Project 01
Designer's House
Adaptive reuse for Maison Margiela

Adaptive reuse of an existing building in the heart of Florentin, Tel Aviv. The project reinterprets the design philosophy of Maison Margiela through space, materiality, and atmosphere. Drawing from concepts of deconstruction, layering, wrapping, and transformation, the design blurs the boundaries between living, working, and exhibiting. Through a monochromatic material palette and a sequence of evolving spatial experiences, the project translates Margiela's experimental approach into an immersive architectural environment.





Following the selection of Maison Margiela as the project's design reference, a series of conceptual models were developed around the key themes of deconstruction, layering, and wrapping. These abstract explorations served as an initial investigation into the designer's spatial language, building three-dimensional thinking and a conceptual foundation for the project.
Deconstruction
An exploration of fragmentation, separation, and exposed connections, revealing the relationship between broken elements and the space created between them.
Layering
The model examines how depth, texture, and spatial complexity emerge from the interaction between individual elements.
Wrapping
A dialogue between an inner core and its surrounding envelope. Through covering and enclosing, the model examines how boundaries can simultaneously reveal and conceal what lies within.

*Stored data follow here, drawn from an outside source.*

(* Fix $\alpha\in[0,1)$, $\beta\in(0,1)$, $Q=1-\alpha$, $S=1-\beta$. For the combined clumsy-careless collector, with $\mu_n^{\alpha,\beta}:=\mathbb P_{\nu_n^{\alpha,\beta}}(K_0<n,K_1=n)$ and $T_n^{\alpha,\beta}$ the first post-thinning completion time, there are constants $C,c\in(0,\infty)$ depending only on $\alpha,\beta$ such that for all sufficiently large $n$, \[\sup_{A\subseteq[n]}\mathbb P_A\left(\mu_n^{\alpha,\beta}T_n^{\alpha,\beta}>x\right)\le Ce^{-cx},\qquad x\ge0,\] where $\mathbb P_A$ denotes the process started from the set $A$ of present types. In particular this holds for the empty initial collection.
   Context: Combined clumsy-careless collector on $n$ types: the state is the set of present types. In each round one type is drawn uniformly from $[n]$ independently; it is refreshed to present with probability $Q$ and to absent with probability $\alpha$; then every currently present coupon is independently retained with probability $S$. Completion is checked after thinning: $T_n^{\alpha,\beta}=\inf\{t\ge0:\text{all } n \text{ types present at time } t\}$. $K_t$ is the number of present types; it is a Markov chain on $\{0,\dots,n\}$ (given $K_t=k$: with probability $k/n$, $K_{t+1}\sim\mathrm{Bin}(k-1,S)+\mathrm{Bernoulli}(QS)$; with probability $(n-k)/n$, $K_{t+1}\sim\mathrm{Bin}(k,S)+\mathrm{Bernoulli}(QS)$), irreducible and aperiodic with unique stationary law $\nu_n^{\alpha,\beta}$. *)

From HB Require Import structures.
From mathcomp Require Import all_boot all_order all_algebra.
From mathcomp Require Import all_classical all_reals all_analysis.
Set Implicit Arguments. Unset Strict Implicit. Unset Printing Implicit Defensive.
Import Order.TTheory GRing.Theory Num.Theory.
Local Open Scope ring_scope.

Furniture, the Margiela Chair
The conceptual themes were translated into a three-dimensional furniture piece. A chair was chosen as a familiar, fundamental object, a parallel to Margiela's practice, where experimental collections always sit on a foundation of timeless essentials. Treated as a basic typology and reinterpreted through Margiela's language, the everyday object becomes a spatial expression of the brand's values.
Fashion House
The project expanded into a complete fashion house: retail, an exhibition area for furniture and sculptural pieces, pattern-making and creative workspaces, and residential quarters. Set within a three-storey existing building, preservation requirements retained the primary eastern and northern facades as a historical framework, negotiating between preservation and transformation while establishing a new spatial identity.